= 2021–22 European Rugby Champions Cup pool stage =

The 2021–22 European Rugby Champions Cup pool stage was the first stage of the 27th season of European club rugby union, and the eighth under the European Rugby Champions Cup format. Due to the COVID-19 pandemic delaying the end of the 2019–20 tournament, twenty-four clubs from the three major European domestic and regional leagues competed in the Champions Cup on a one-year exceptional basis.

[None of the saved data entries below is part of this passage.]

(* There is a universal constant $C>0$ such that for every positive integer $T$, $x \in \{0,1\}^T$ and $p \in [0,1]^T$, there exist a set $S \subseteq [0,1]$ with $|S| \le C\sqrt{T}$ and distributions $\mathcal{D}_1,\ldots,\mathcal{D}_T$ supported on $S$ such that $\mathcal{D} = (\mathcal{D}_1,\ldots,\mathcal{D}_T) \in \underline{\mathcal{C}}(x)$ and $\|p - \mathcal{D}\|_1 \le \mathsf{LowerCalDist}(x,p) + C\sqrt{T}$.
   Context: Let $\underline{\mathcal{C}}(x)$ be the set of $T$-tuples $\mathcal{D} = (\mathcal{D}_1,\ldots,\mathcal{D}_T)$ of probability distributions, each with finite support contained in $[0,1]$, such that $\sum_{t=1}^T (x_t - \alpha)\mathcal{D}_t(\alpha) = 0$ for every $\alpha \in [0,1]$. For such $\mathcal{D}$, $\|p - \mathcal{D}\|_1 = \sum_{t=1}^T \mathbb{E}_{q_t \sim \mathcal{D}_t}|p_t - q_t|$, and $\mathsf{LowerCalDist}(x,p) = \inf_{\mathcal{D} \in \underline{\mathcal{C}}(x)} \|p - \mathcal{D}\|_1$. *)

From HB Require Import structures.
From mathcomp Require Import all_boot all_order all_algebra.
From mathcomp Require Import boolp classical_sets functions cardinality fsbigop reals.
Set Implicit Arguments. Unset Strict Implicit. Unset Printing Implicit Defensive.
Import Order.TTheory GRing.Theory Num.Theory.
Local Open Scope classical_set_scope.
Local Open Scope ring_scope.

(* A probability distribution on R with finite support, represented by its
   probability mass function d : R -> R. *)
Definition fsupp (R : realType) (d : R -> R) : set R := [set a | d a != 0].

Definition is_fdist01 (R : realType) (d : R -> R) : Prop :=
  [/\ finite_set (fsupp d),
      (forall a, 0 <= d a),
      fsupp d `<=` `[0, 1]%classic
    & \sum_(a \in fsupp d) d a = 1].

Definition lowerCal (R : realType) (T : nat) (x : 'I_T -> R)
  (D : 'I_T -> R -> R) : Prop :=
  (forall t, is_fdist01 (D t)) /\
  (forall a : R, a \in `[0, 1]%classic ->
       \sum_(t < T) (x t - a) * D t a = 0).

Definition l1dist (R : realType) (T : nat) (p : 'I_T -> R)
  (D : 'I_T -> R -> R) : R :=
  \sum_(t < T) \sum_(a \in fsupp (D t)) D t a * `|p t - a|.
Lemma natr_eqS_mulrn (R : nzSemiRingType) (P : bool) i i0 :
  ((i.+1 == i0) && P)%:R *+ i.+1 = i0%:R * ((i == i0.-1) && P)%:R :> R.
Proof.
case: i0 => [|i0] /=; first by rewrite mul0r mul0rn.
rewrite eqSS; case: eqP => [->|_] /=; last by rewrite mulr0 mul0rn.
by case: P; rewrite ?mulr1 ?mulr0 ?mul0rn.
Qed.

Lemma morph_sum4 (R S : pzSemiRingType) (g : R -> S) (d1 d2 d3 d4 x1 x2 x3 x4 : R) :
  {morph g : x y / x + y} -> {morph g : x y / x * y} ->
  g (d1 * x1 + d2 * x2 + d3 * x3 + d4 * x4) =
  g d1 * g x1 + g d2 * g x2 + g d3 * g x3 + g d4 * g x4.
Proof. by move=> gD gM; rewrite !gD !gM. Qed.

Lemma sum_ord_only (V : nmodType) n (F : 'I_n -> V) k (lt_kn : (k < n)%N) :
  (forall i : 'I_n, (i : nat) != k -> F i = 0) -> \sum_(i < n) F i = F (Ordinal lt_kn).
Proof. by move=> F0; rewrite (bigD1 (Ordinal lt_kn)) //= big1 ?addr0. Qed.

Lemma eq_of_scaled_subr (F : idomainType) (k x y u v : F) :
  k != 0 -> (x - y) * k = u - v -> u = v -> x = y.
Proof.
move=> k0 E uv; apply/eqP; rewrite -subr_eq0; apply/eqP/(mulIf k0).
by rewrite E uv subrr mul0r.
Qed.

(** * Monomials, coefficients and the derivation *)

Section Monomials.
Variable C : numClosedFieldType.
Local Notation Jt := (Jt C).
Local Notation mono := (mono C).

Lemma jcoef_ext (f g : Jt) :
  (forall i j l m, jcoef f i j l m = jcoef g i j l m) -> f = g.
Proof.
move=> fg; apply/polyP=> m; apply/polyP=> l; apply/polyP=> j; apply/polyP=> i.
exact: fg.
Qed.

Lemma jcoefD (f g : Jt) i j l m :
  jcoef (f + g) i j l m = jcoef f i j l m + jcoef g i j l m.
Proof. by rewrite /jcoef !coefD. Qed.

Lemma jcoef_cstM s (f : Jt) i j l m : jcoef (cst s * f) i j l m = s * jcoef f i j l m.
Proof. by rewrite /jcoef /cst !coefCM. Qed.

Lemma cstM (x y : C) : cst (x * y) = cst x * cst y.
Proof. by rewrite /cst !polyCM. Qed.

Lemma cst0M (f : Jt) : cst 0 * f = 0.
Proof. by apply: jcoef_ext => i j l m; rewrite jcoef_cstM mul0r /jcoef !coef0. Qed.

Lemma cst1M (f : Jt) : cst 1 * f = f.
Proof. by apply: jcoef_ext => i j l m; rewrite jcoef_cstM mul1r. Qed.

Lemma cstMA s t (f : Jt) : cst s * (cst t * f) = cst (s * t) * f.
Proof. by rewrite cstM mulrA. Qed.

Lemma jcoef_mono i0 j0 l0 m0 i j l m :
  jcoef (mono i0 j0 l0 m0) i j l m = [&& i == i0, j == j0, l == l0 & m == m0]%:R.
Proof.
have -> : mono i0 j0 l0 m0 =
    (((('X^i0 : {poly C})%:P * 'X^j0)%:P * 'X^l0)%:P) * 'X^m0.
  by rewrite /mono /vE4 /vE6 /vA /vB !rmorphXn /= !rmorphM /= !rmorphXn.
rewrite /jcoef coefCM coefXn; case: (m == m0); last by rewrite !andbF mulr0 !coef0.
rewrite mulr1 coefCM coefXn; case: (l == l0); last by rewrite !andbF mulr0 !coef0.
rewrite mulr1 coefCM coefXn; case: (j == j0); last by rewrite !andbF mulr0 !coef0.
by rewrite mulr1 coefXn !andbT.
Qed.

Lemma monoM i j l m i' j' l' m' :
  mono i j l m * mono i' j' l' m' = mono (i + i') (j + j') (l + l') (m + m').
Proof.
rewrite /mono; move: (vE4 C) (vE6 C) (vA C) (vB C) => x y z w; exact: mulr_expr4.
Qed.

Lemma mono_neq0 i j l m : mono i j l m != 0.
Proof.
apply: contra_neq (oner_neq0 C) => M0.
by move: (jcoef_mono i j l m i j l m); rewrite M0 !eqxx /jcoef !coef0 => /esym.
Qed.

Lemma cst_monoM s i j l m i' j' l' m' :
  cst s * mono i j l m * mono i' j' l' m' = cst s * mono (i + i') (j + j') (l + l') (m + m').
Proof. by rewrite -mulrA monoM. Qed.

Lemma mono_cstM s i j l m i' j' l' m' :
  mono i j l m * (cst s * mono i' j' l' m') = cst s * mono (i + i') (j + j') (l + l') (m + m').
Proof. by rewrite mulrCA monoM. Qed.

Lemma cst_mono_cstM s t i j l m i' j' l' m' :
  cst s * mono i j l m * (cst t * mono i' j' l' m') =
  cst (s * t) * mono (i + i') (j + j') (l + l') (m + m').
Proof. by rewrite -mulrA mono_cstM cstMA. Qed.

(* Here and below the plain [rewrite ->] is used where several distinct monomials
   occur: it matches syntactically, whereas ssreflect's rewrite compares candidate
   subterms up to conversion and would unfold distinct monomials into polynomial
   products. *)
Lemma cst_mono2_inj (s1 s2 t1 t2 : C) i1 j1 l1 m1 i2 j2 l2 m2 :
  (i1, j1, l1, m1) != (i2, j2, l2, m2) ->
  cst s1 * mono i1 j1 l1 m1 + cst s2 * mono i2 j2 l2 m2 =
    cst t1 * mono i1 j1 l1 m1 + cst t2 * mono i2 j2 l2 m2 ->
  s1 = t1 /\ s2 = t2.
Proof.
move=> ne E; have := congr1 (fun f => jcoef f i2 j2 l2 m2) E.
move: {E}(congr1 (fun f => jcoef f i1 j1 l1 m1) E); cbv beta.
rewrite -> !jcoefD, !jcoef_cstM, !jcoef_mono, !eqxx.
have ne21 := ne; rewrite eq_sym in ne21.
move: ne ne21; rewrite !xpair_eqE -!andbA => /negPf-> /negPf->.
by rewrite /= !mulr1 !mulr0 !addr0 !add0r => -> ->.
Qed.
(* For every integer $n\ge 0$, \[ \sum_{k=0}^{n}\Big(-\frac{1}{4}\Big)^k\binom{n}{k}\binom{1+2k}{k}H_{1+2k} =\frac{1}{2^{1+2n}(1+2n)}\binom{1+2n}{n}\Big\{\frac{8+8n}{1+2n}+3H_n-4H_{1+2n}\Big\}-\frac{1}{1+n}. \]
   Context: For an integer $m\ge 0$, $H_m$ denotes the $m$-th harmonic number: $H_0=0$ and $H_m=\sum_{j=1}^m \frac1j$ for $m\ge1$. $\binom{n}{k}$ is the usual binomial coefficient. *)

From HB Require Import structures.
From mathcomp Require Import all_boot all_order all_algebra.
Set Implicit Arguments. Unset Strict Implicit. Unset Printing Implicit Defensive.
Import Order.TTheory GRing.Theory Num.Theory.
Local Open Scope ring_scope.

Definition harmonic (m : nat) : rat := \sum_(1 <= j < m.+1) (j%:R)^-1.

(* The summand t(n,k) = (-1/4)^k C(n,k) C(2k+1,k) satisfies a Zeilberger
   recurrence in n with certificate (2k+3) t(n,k), which telescopes in k.
   Summed against an arbitrary weight f(k), it relates the f-weighted sums at
   n+1 and n up to terms in f(k+1) - f(k).  For f = 1 this is a first-order
   recurrence solved by 2 P(n), P(n) = C(2n+1,n) / (2^(2n+1) (2n+1)).  For
   f(k) = H_(2k+1) the increments 1/(2k+2) + 1/(2k+3) bring in the unweighted
   sum and the sum D(n) of (-1/4)^k C(n+1,k+1) C(2k+1,k); by Pascal's rule
   D(n+1) - D(n) is the unweighted sum at n+1, so D has a closed form too, and
   the resulting inhomogeneous recurrence is solved by induction on n. *)
From HB Require Import structures.
From mathcomp Require Import all_boot all_order all_algebra.
From mathcomp Require Import ring lra zify.
Import Order.TTheory GRing.Theory Num.Theory.
Local Open Scope ring_scope.

Lemma harmonic0 : harmonic 0 = 0.
Proof. by rewrite /harmonic big_geq. Qed.

Lemma harmonic1 : harmonic 1 = 1.
Proof. by rewrite /harmonic big_nat1 invr1. Qed.

Lemma harmonicS m : harmonic m.+1 = harmonic m + m.+1%:R^-1.
Proof. by rewrite /harmonic big_nat_recr. Qed.

Lemma harmonic_oddS k :
  harmonic (1 + 2 * k.+1)
  = harmonic (1 + 2 * k) + (2 * k%:R + 2)^-1 + (2 * k%:R + 3)^-1.
Proof.
rewrite (_ : (1 + 2 * k.+1 = (1 + 2 * k).+2)%N); last by lia.
by rewrite !harmonicS; congr (_ + _^-1 + _^-1); ring.
Qed.

Lemma mul_bin_odd_centralS k :
  ('C(1 + 2 * k.+1, k.+1) * k.+2 = 2 * (2 * k + 3) * 'C(1 + 2 * k, k))%N.
Proof.
have -> : (1 + 2 * k.+1 = (2 * k + 2).+1)%N by lia.
have sym n m : (m <= n)%N -> 'C(n, m) = 'C(n, n - m) by move=> /bin_sub.
have top : 'C((2 * k + 2).+1, k.+2) = 'C((2 * k + 2).+1, k.+1).
  by rewrite sym; [congr 'C(_, _) |]; lia.
have pascal : 'C(2 * k + 2, k.+1) = (2 * 'C(1 + 2 * k, k))%N.
  rewrite (_ : (2 * k + 2 = (1 + 2 * k).+1)%N); last by lia.
  by rewrite binS [in 'C(_, k.+1)]sym; [rewrite (_ : (1 + 2 * k - k.+1 = k)%N) |]; lia.
have := mul_bin_diag (2 * k + 2).+1 k.+1; rewrite /= top pascal; lia.
Qed.

Lemma bin_odd_centralS (F : realFieldType) k :
  'C(1 + 2 * k.+1, k.+1)%:R
  = 2 * (2 * k%:R + 3) * 'C(1 + 2 * k, k)%:R / (k%:R + 2) :> F.
Proof.
have := congr1 (GRing.natmul (1 : F)) (mul_bin_odd_centralS k).
rewrite !natrM => binS_odd.
apply: (mulIf (_ : k.+2%:R != 0)); first by rewrite pnatr_eq0.
by rewrite binS_odd; field; have := ler0n F k; lra.
Qed.

Lemma bin_ratio_left (R : pzRingType) n k :
  (k%:R + 1) * 'C(n, k.+1)%:R = (n%:R - k%:R) * 'C(n, k)%:R :> R.
Proof.
case: (ltnP k n) => [lt_kn | le_nk].
  have := congr1 (GRing.natmul (1 : R)) (mul_bin_left n k).
  by rewrite !natrM natrB ?(ltnW lt_kn) // -natr1 => ->.
rewrite (@bin_small n k.+1) ?ltnS // mulr0.
case: (ltngtP k n) le_nk => // [lt_nk _ | -> _]; last by rewrite subrr mul0r.
by rewrite bin_small // mulr0.
Qed.

Lemma bin_ratio_diag (R : pzRingType) n k :
  (k%:R + 1) * 'C(n.+1, k.+1)%:R = (n%:R + 1) * 'C(n, k)%:R :> R.
Proof.
have := congr1 (GRing.natmul (1 : R)) (mul_bin_diag n.+1 k).
by rewrite !natrM -!natr1 => ->.
Qed.

Definition summand n k : rat :=
  (- (1 / 4)) ^+ k * 'C(n, k)%:R * 'C(1 + 2 * k, k)%:R.

Lemma summand_n0 n : summand n 0 = 1.
Proof. by rewrite /summand bin0 expr0 !mul1r. Qed.

Lemma summand_small n : summand n n.+1 = 0.
Proof. by rewrite /summand bin_small // mulr0 mul0r. Qed.

Lemma summand_zeilberger n k :
  2 * (n%:R + 2) * summand n.+1 k.+1 - (2 * n%:R + 1) * summand n k.+1
  = (2 * k%:R + 5) * summand n k.+1 - (2 * k%:R + 3) * summand n k.
Proof.
have ratio_n : 'C(n, k.+1)%:R = (n%:R - k%:R) * 'C(n, k)%:R / (k%:R + 1) :> rat.
  by rewrite -bin_ratio_left; field; have := ler0n rat k; lra.
rewrite /summand binS natrD ratio_n bin_odd_centralS exprS.
by field; have := ler0n rat k; lra.
Qed.

Definition weighted_sum n (f : nat -> rat) : rat :=
  \sum_(0 <= k < n.+1) summand n k * f k.

Lemma weighted_sum_rec n f :
  2 * (n%:R + 2) * weighted_sum n.+1 f - (2 * n%:R + 1) * weighted_sum n f
  = 3 * f 0%N + \sum_(0 <= k < n.+1)
      ((2 * k%:R + 5) * summand n k.+1 - (2 * k%:R + 3) * summand n k) * f k.+1.
Proof.
have extend : weighted_sum n f = \sum_(0 <= k < n.+2) summand n k * f k.
  by rewrite big_nat_recr //= summand_small mul0r addr0.
rewrite extend /weighted_sum !mulr_sumr -sumrB big_nat_recl // !summand_n0.
congr (_ + _); first ring.
by apply: eq_bigr => k _; rewrite -summand_zeilberger; ring.
Qed.

Definition central_weight n : rat :=
  (2 ^+ (1 + 2 * n) * (1 + 2 * n)%:R)^-1 * 'C(1 + 2 * n, n)%:R.

Lemma central_weight0 : central_weight 0 = 1 / 2.
Proof. by rewrite /central_weight /= bin0 expr1 mulr1 mul1r. Qed.

Lemma central_weightS n :
  central_weight n.+1 = (2 * n%:R + 1) * central_weight n / (2 * (n%:R + 2)).
Proof.
rewrite /central_weight bin_odd_centralS.
rewrite (_ : (1 + 2 * n.+1 = (1 + 2 * n) + 2)%N) ?exprD; last by lia.
by field; rewrite expf_neq0 //=; have := ler0n rat n; lra.
Qed.

Notation unweighted_sum n := (weighted_sum n (fun=> 1)).

Lemma unweighted_sumS n :
  2 * (n%:R + 2) * unweighted_sum n.+1 = (2 * n%:R + 1) * unweighted_sum n.
Proof.
apply/eqP; rewrite -subr_eq0 weighted_sum_rec.
under eq_bigr => k _.
  rewrite mulr1 (_ : 2 * k%:R + 5 = 2 * k.+1%:R + 3); last by ring.
  over.
rewrite (telescope_sumr (fun k => (2 * k%:R + 3) * summand n k)) //=.
by rewrite summand_small summand_n0; apply/eqP; ring.
Qed.

Lemma unweighted_sum_closed n : unweighted_sum n = 2 * central_weight n.
Proof.
elim: n => [|n IH].
  by rewrite /weighted_sum big_nat1 summand_n0 central_weight0; field.
apply: (mulfI (_ : 2 * (n%:R + 2) != 0)); first by have := ler0n rat n; lra.
by rewrite unweighted_sumS IH central_weightS; field; have := ler0n rat n; lra.
Qed.

Definition shifted_sum n : rat :=
  \sum_(0 <= k < n.+1) (- (1 / 4)) ^+ k * 'C(n.+1, k.+1)%:R * 'C(1 + 2 * k, k)%:R.

Lemma shifted_sumS n : shifted_sum n.+1 = shifted_sum n + unweighted_sum n.+1.
Proof.
rewrite /shifted_sum /weighted_sum.
under eq_bigr do rewrite binS natrD mulrDr mulrDl.
rewrite big_split /= big_nat_recr //= (@bin_small n.+1 n.+2) // mulr0 mul0r addr0.
by congr (_ + _); apply: eq_bigr => k _; rewrite mulr1.
Qed.

Lemma shifted_sum_closed n : shifted_sum n = 2 - (2 * n%:R + 1) * unweighted_sum n.
Proof.
elim: n => [|n IH].
  by rewrite /shifted_sum /weighted_sum !big_nat1 summand_n0 expr0 bin0 binn; ring.
by rewrite shifted_sumS IH -unweighted_sumS; ring.
Qed.

Notation odd_harmonic_sum n := (weighted_sum n (fun k => harmonic (1 + 2 * k))).

(* (2k+3) t(n,k) (1/(2k+2) + 1/(2k+3)) = 2 t(n,k) + t(n,k)/(2k+2), and
   (k+1) C(n+1,k+1) = (n+1) C(n,k) turns t(n,k)/(2k+2) into a shifted term. *)
Lemma summand_odd_harmonic_step n k :
  ((2 * k%:R + 5) * summand n k.+1 - (2 * k%:R + 3) * summand n k)
    * harmonic (1 + 2 * k.+1)
  = (2 * k.+1%:R + 3) * summand n k.+1 * harmonic (1 + 2 * k.+1)
    - (2 * k%:R + 3) * summand n k * harmonic (1 + 2 * k)
    - (2 * summand n k + (- (1 / 4)) ^+ k * 'C(n.+1, k.+1)%:R
                           * 'C(1 + 2 * k, k)%:R / (2 * (n%:R + 1))).
Proof.
have ratio : 'C(n.+1, k.+1)%:R = (n%:R + 1) * 'C(n, k)%:R / (k%:R + 1) :> rat.
  by rewrite -bin_ratio_diag; field; have := ler0n rat k; lra.
rewrite harmonic_oddS /summand ratio.
by field; have := ler0n rat k; have := ler0n rat n; lra.
Qed.

Lemma odd_harmonic_sumS n :
  2 * (n%:R + 2) * odd_harmonic_sum n.+1
  = (2 * n%:R + 1) * odd_harmonic_sum n - 2 * unweighted_sum n
    - shifted_sum n / (2 * (n%:R + 1)).
Proof.
rewrite -(subrK ((2 * n%:R + 1) * odd_harmonic_sum n) (_ * odd_harmonic_sum n.+1)).
rewrite weighted_sum_rec.
under eq_bigr do rewrite summand_odd_harmonic_step.
rewrite sumrB (telescope_sumr (fun k => (2 * k%:R + 3) * summand n k
                                          * harmonic (1 + 2 * k))) //.
rewrite summand_small summand_n0 big_split /= -mulr_sumr -mulr_suml.
rewrite /weighted_sum /shifted_sum harmonic1.
under [X in _ - 2 * X]eq_bigr do rewrite mulr1.
ring.
Qed.

Lemma odd_harmonic_sum_closed n :
  odd_harmonic_sum n
  = central_weight n * ((8 + 8 * n)%:R / (1 + 2 * n)%:R + 3 * harmonic n
                        - 4 * harmonic (1 + 2 * n))
    - (1 + n)%:R^-1.
Proof.
elim: n => [|n IH].
  by rewrite /weighted_sum big_nat1 summand_n0 harmonic1 central_weight0 harmonic0; field.
apply: (mulfI (_ : 2 * (n%:R + 2) != 0)); first by have := ler0n rat n; lra.
rewrite odd_harmonic_sumS IH shifted_sum_closed unweighted_sum_closed.
rewrite central_weightS harmonicS harmonic_oddS.
by field; have := ler0n rat n; lra.
Qed.

Theorem theorem10 (n : nat) :
  \sum_(0 <= k < n.+1)
     (- (1 / 4 : rat)) ^+ k * ('C(n, k))%:R * ('C(1 + 2 * k, k))%:R
       * harmonic (1 + 2 * k)
  = (2 ^+ (1 + 2 * n) * (1 + 2 * n)%:R)^-1 * ('C(1 + 2 * n, n))%:R
      * ((8 + 8 * n)%:R / (1 + 2 * n)%:R + 3 * harmonic n
         - 4 * harmonic (1 + 2 * n))
    - (1 + n)%:R^-1.
Proof. exact: odd_harmonic_sum_closed. Qed.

Several round 2 matches between teams from France and the UK were postponed. This was due to new travel restrictions between the UK and France introduced by the French government on 18 December 2021. This resulted in multiple 0–0 draws and 2 match points given to each team.

==Seeding==
For the purposes of the pool draw, the 24 clubs were separated into tiers based on their league finishing position, and clubs from the same league in the same tier were not drawn into the same pool. The number 1 and number 2 ranked clubs from each league are in Tier 1, the number 3 and number 4 ranked clubs are in Tier 2, the number 5 and 6 ranked clubs are in Tier 3, and the number 7 and number 8 ranked clubs are in Tier 4.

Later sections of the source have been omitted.